Oil is a natural by-product of decomposition combined with millions of years of heat and pressure. In its natural form and even under controlled use and refining, oil has been an amazing contributor to our standard of living – offering advancements in health, science and basically everything we do. However, mankind often reacts a bit slow to the adverse affects of oil on the environment. Oils spills, refining, industrial use and vehicular pollution can all overpower the Earth’s ability to co-exist with oil. Even very trace oil trickling into the waters can have adverse detrimental affects on the environment.
Luckily, as stewards of the Earth’s environment, we recognize these affects and have the science and power to study and enact regulation to help keep things in control. Advancements in sensing technologies enable the industry to keep tabs on their processes that historically may have been burdening the environment with trace oils and oil by-products.
As private and public entities continue to work together researching and developing new processes and technologies, we realize that the Earth, oil and mankind actually can co-exist.
Check out the upcoming webinar by Greg Reeves of Arjay Engineering, where the above is packaged into a concise review of oil basics and the lead up to regulations and products used for oil in water monitoring. The result of which allows industrial upstream oil production, refining and Petro-chemical manufacturing to partner and co-exist with the environment.
Spotlight interview questions:
What do you hope attendees will gain at your webinar?

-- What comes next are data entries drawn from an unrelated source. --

(* T_n(1 - x) -> -A(x), by Tannery's theorem and riemann_sum l n -> 1/l. *)
Lemma log_riemann_lim x : 0 < x < 1 ->
  Un_cv (fun n => log_riemann (1 - x) n) (- PSeries dilog_coef (x - 1)).
Proof.
  intro Hx. set (t := 1 - x).
  apply Un_cv_eventually_eq with (fun n => Series (fun l => log1p_coef l * t ^ l * riemann_sum l n)) 1%nat.
  { intros n Hn. apply is_series_unique, log_riemann_series; auto. unfold t; lra. }
  replace (- PSeries dilog_coef (x - 1)) with (Series (fun l => log1p_coef l * t ^ l * neglog_coef l)).
  - apply tannery with (M := fun l => 2 * t ^ l) (SM := 2 * / (1 - t)).
    + intros n l. replace (log1p_coef l * t ^ l * riemann_sum l n)
        with ((log1p_coef l * riemann_sum l n) * t ^ l) by ring.
      rewrite Rabs_mult, (Rabs_pos_eq (t ^ l)) by (apply pow_le; unfold t; lra).
      rewrite Rmult_comm, (Rmult_comm 2). apply Rmult_le_compat_l; [apply pow_le; unfold t; lra|].
      apply riemann_sum_weighted_bound.
    + apply (is_series_scal_l (V:=R_NormedModule)) with (c := 2), is_series_geom.
      unfold t; rewrite Rabs_pos_eq; lra.
    + intro l. destruct l as [|m].
      * simpl log1p_coef. rewrite !Rmult_0_l.
        apply (Un_cv_eventually_eq (fun _ => 0) _ 0 O); [intros; simpl; ring|apply Un_cv_const].
      * apply (CV_mult (fun _ => log1p_coef (S m) * t ^ S m)); [apply Un_cv_const|apply riemann_sum_lim].
  - assert (Hr : Rabs (x - 1) < 1) by (apply Rabs_def1; lra).
    rewrite <- (is_series_unique _ _ (is_pseries_series _ _ _
                  (PSeries_correct _ _ (CV_radius_inside _ _ (dilog_radius (x-1) Hr))))).
    rewrite <- Series_opp. apply Series_ext. intro n.
    destruct n as [|m]; [simpl; ring|].
    unfold log1p_coef, neglog_coef, dilog_coef, t. replace (x - 1) with ((-1) * (1 - x)) by ring.
    rewrite Rpow_mult_distr. replace ((-1) ^ S m) with (- (-1) ^ m) by (simpl; ring).
    assert (INR (S m) <> 0) by (apply not_0_INR; lia).
    set (a := (-1) ^ m). set (b := (1 - x) ^ S m). set (c := INR (S m)) in *. field. auto.
Qed.

(** * The generating function of X_n *)

Definition pgf (p : nat -> R) (x : R) : R := Series (fun k => p k * x ^ k).

Lemma pmf_series (p : nat -> R) : is_pmf p -> is_series p 1.
Proof. intros [_ H]. apply is_series_Reals; auto. Qed.

Lemma pgf_spec p x : is_pmf p -> 0 <= x <= 1 ->
  is_series (fun k => p k * x ^ k) (pgf p x) /\ 0 <= pgf p x <= 1.
Proof.
  intros Hp Hx. pose proof (pmf_series _ Hp) as H1. destruct Hp as [H0 _].
  assert (Hb : forall k, 0 <= p k * x ^ k <= p k).
  { intro k. split; [apply Rmult_le_pos; auto; apply pow_le; lra|].
    rewrite <- (Rmult_1_r (p k)) at 2. apply Rmult_le_compat_l; auto. apply pow_le_1; lra. }
  assert (Hex : ex_series (fun k => p k * x ^ k)).
  { apply (ex_series_le (V:=R_CompleteNormedModule)) with p; [|exists 1; auto].
    intro k. unfold norm; simpl. rewrite Rabs_pos_eq; apply Hb. }
  pose proof (Series_correct _ Hex) as Hs. split; auto. split.
  - apply (series_nonneg _ _ (fun k => proj1 (Hb k)) Hs).
  - apply (series_le _ _ _ _ Hb Hs H1).
Qed.

Fixpoint law_pgf (g : nat -> nat -> R) (n : nat) (x : R) : R :=
  match n with O => 1 | S m => law_pgf g m (pgf (g (S m)) x) * Hn (S m) x end.

Lemma ln_2_minus_range y : 0 <= y <= 1 -> 0 <= ln (2 - y) <= ln 2.
Proof.
  intro Hy. split.
  - destruct (Req_dec y 1); [subst; replace (2 - 1) with 1 by ring; rewrite ln_1; lra|].
    left. rewrite <- ln_1. apply ln_increasing; lra.
  - destruct (Req_dec y 0); [subst; rewrite Rminus_0_r; lra|].
    left. apply ln_increasing; lra.
Qed.

Lemma Hn_range k y : (1 <= k)%nat -> 0 <= y <= 1 -> 0 < Hn k y <= 1.
Proof.
  intros Hk Hy. unfold Hn, H. pose proof (ln_2_minus_range y Hy). pose proof ln2_lt_1.
  assert (1 <= INR k) by (apply (le_INR 1); auto).
  replace (1 + (1 - ln (2 - y) - 1) / INR k) with (1 - ln (2 - y) / INR k) by (field; lra).
  assert (0 <= ln (2 - y) / INR k <= ln (2 - y)); [|lra].
  split; [apply Rmult_le_pos; [lra|left; apply Rinv_0_lt_compat; lra]|].
  apply Rmult_le_reg_r with (INR k); [lra|]. unfold Rdiv. rewrite Rmult_assoc, Rinv_l by lra. nra.
Qed.

Lemma law_pgf_range g n x : (forall m, (1 <= m)%nat -> is_pmf (g m)) -> 0 <= x <= 1 ->
  0 < law_pgf g n x <= 1.
Proof.
  intros Hg. revert x. induction n; intros x Hx; simpl; [lra|].
  destruct (pgf_spec (g (S n)) x (Hg (S n) ltac:(lia)) Hx) as [_ HG].
  destruct (IHn _ HG). destruct (Hn_range (S n) x ltac:(lia) Hx).
  split; [apply Rmult_lt_0_compat; auto|].
  rewrite <- (Rmult_1_r 1). apply Rmult_le_compat; lra.
Qed.

Lemma branching_step_pgf (Lp Ln p e : nat -> R) (Pp : R -> R) x E :
  (forall m, 0 <= Lp m) -> (forall y, 0 <= y <= 1 -> is_series (fun m => Lp m * y ^ m) (Pp y)) ->
  is_pmf p -> (forall k, 0 <= e k) -> 0 <= x <= 1 -> is_series (fun k => e k * x ^ k) E ->
  (forall k, is_series (fun m => Lp m * conv (convpow p m) e k) (Ln k)) ->
  is_series (fun k => Ln k * x ^ k) (Pp (pgf p x) * E).
Proof.
  intros HLp HPp Hp He Hx HE HLn.
  destruct (pgf_spec p x Hp Hx) as [HGs HGr]. set (G := pgf p x) in *.
  set (c := fun m k => conv (convpow p m) e k).
  assert (Hc0 : forall m k, 0 <= c m k)
    by (intros; apply conv_nonneg; auto; apply convpow_nonneg, Hp).
  assert (Hrow : forall m, is_series (fun k => Lp m * c m k * x ^ k) (Lp m * (G ^ m * E))).
  { intro m.
    assert (Hcm : is_series (fun k => c m k * x ^ k) (G ^ m * E)).
    { unfold c. apply conv_pgf; auto; [apply convpow_nonneg, Hp|lra|].
      apply convpow_pgf; auto; [apply Hp|lra]. }
    apply (is_series_scal_l (V:=R_NormedModule) (Lp m)) in Hcm.
    eapply is_series_ext; [|apply Hcm].
    intro k. unfold scal; simpl; unfold mult; simpl. rring. }
  assert (Hsum : is_series (fun m => Lp m * (G ^ m * E)) (Pp G * E)).
  { eapply is_series_ext; [|apply (is_series_scal_r E _ _ (HPp G HGr))]. intro m. cbv beta. rring. }
  destruct (tonelli (fun m k => Lp m * c m k * x ^ k) _ _
             (fun m k => Rmult_le_pos _ _ (Rmult_le_pos _ _ (HLp m) (Hc0 m k)) (pow_le _ k (proj1 Hx)))
             Hrow Hsum) as [_ HT].
  eapply is_series_ext; [|apply HT]. intro k. cbv beta.
  apply is_series_unique, is_series_scal_r, HLn.
Qed.

Lemma bpi_law_pgf g e L :
  (forall n, (1 <= n)%nat -> is_pmf (g n)) ->
  (forall n, (1 <= n)%nat -> is_pmf (e n) /\ has_pgf (e n) (Hn n)) ->
  bpi_laws g e L ->
  forall n, (forall k, 0 <= L n k) /\
    (forall x, 0 <= x <= 1 -> is_series (fun k => L n k * x ^ k) (law_pgf g n x)).
Proof.
  intros Hg He [HL0 HL]. induction n as [|n [IH0 IH]].
  - rewrite HL0. split; [intro k; destruct k; simpl; lra|]. intros x Hx. apply delta0_pgf.
  - assert (Hg' := Hg (S n) ltac:(lia)). destruct (He (S n) ltac:(lia)) as [[He0 _] He1].
    assert (HLS : forall k, is_series (fun m => L n m * conv (convpow (g (S n)) m) (e (S n)) k)
                                      (L (S n) k)).
    { intro k. apply is_series_Reals. specialize (HL (S n) k ltac:(lia)).
      replace (S n - 1)%nat with n in HL by lia. apply HL. }
    split.
    + intro k. refine (series_nonneg _ _ _ (HLS k)). intro m.
      apply Rmult_le_pos; [apply IH0|apply conv_nonneg; auto; apply convpow_nonneg, Hg'].
    + intros x Hx. apply (branching_step_pgf (L n) _ _ (e (S n))); auto.
      apply is_series_Reals, He1; auto.
Qed.

(** * Bounds on offspring generating functions near 1 *)

Lemma ln_le_sub1 u : 0 < u -> ln u <= u - 1.
Proof.
  intro Hu. rewrite <- (ln_exp (u - 1)).
  destruct (Req_dec u (exp (u - 1))) as [E|NE]; [rewrite <- E; lra|].
  left. apply ln_increasing; auto. pose proof (exp_ineq1_le (u - 1)). lra.
Qed.

Lemma ln_ge_1_sub_inv u : 0 < u -> 1 - / u <= ln u.
Proof.
  intro Hu. pose proof (ln_le_sub1 (/ u) (Rinv_0_lt_compat _ Hu)).
  rewrite ln_Rinv in H by auto. lra.
Qed.

Lemma bernoulli_lower w k : 0 <= w <= 1 -> 1 - INR k * w <= (1 - w) ^ k.
Proof.
  intro Hw. induction k; [simpl; lra|].
  rewrite S_INR. simpl pow.
  assert ((1 - w) * (1 - INR k * w) <= (1 - w) * (1 - w) ^ k) by (apply Rmult_le_compat_l; lra).
  assert (0 <= INR k) by apply pos_INR. nra.
Qed.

For those involved with any type of environmental discharge compliance of wastewater, this webinar will provide insight into how regulation evolves and ultimately involves a multitude of players that all need to get along. Process industries can work with positive environmental interests if all participants have an open mind.
What discussions do you look forward to having with the attendees?
Any field experiences from attendees would be ideal to share. Dealing with various authorities, suppliers, and technologies can be daunting. Creative solutions to common issues are always interesting to share.
What do you enjoy most about your role?
I enjoy being involved with end users of equipment from their first introduction to an issue right through to a happy conclusion. A customer will usually have an ‘aha moment’, when they realize the solution is not as complicated as first perceived.
How did you get into the industry?
Arjay Engineering is a spin-off from my father’s original business that was focused on selling process and environmental products into Canada. After university, I had the opportunity to join the company to design and manufacture specialty instruments in-house. Arjay was quickly formed to manufacture and market these products worldwide.
Where is your favourite place in the world and why?
I have been lucky to have travelled to some places that are pretty unique to my home country of Canada. Be it Asia, the Middle East, Europe or South America, I would go back to any of them. Besides my weekend cottage getaway north of Toronto, Norway gets two thumbs up for great food, scenery and people. Shame about the prices!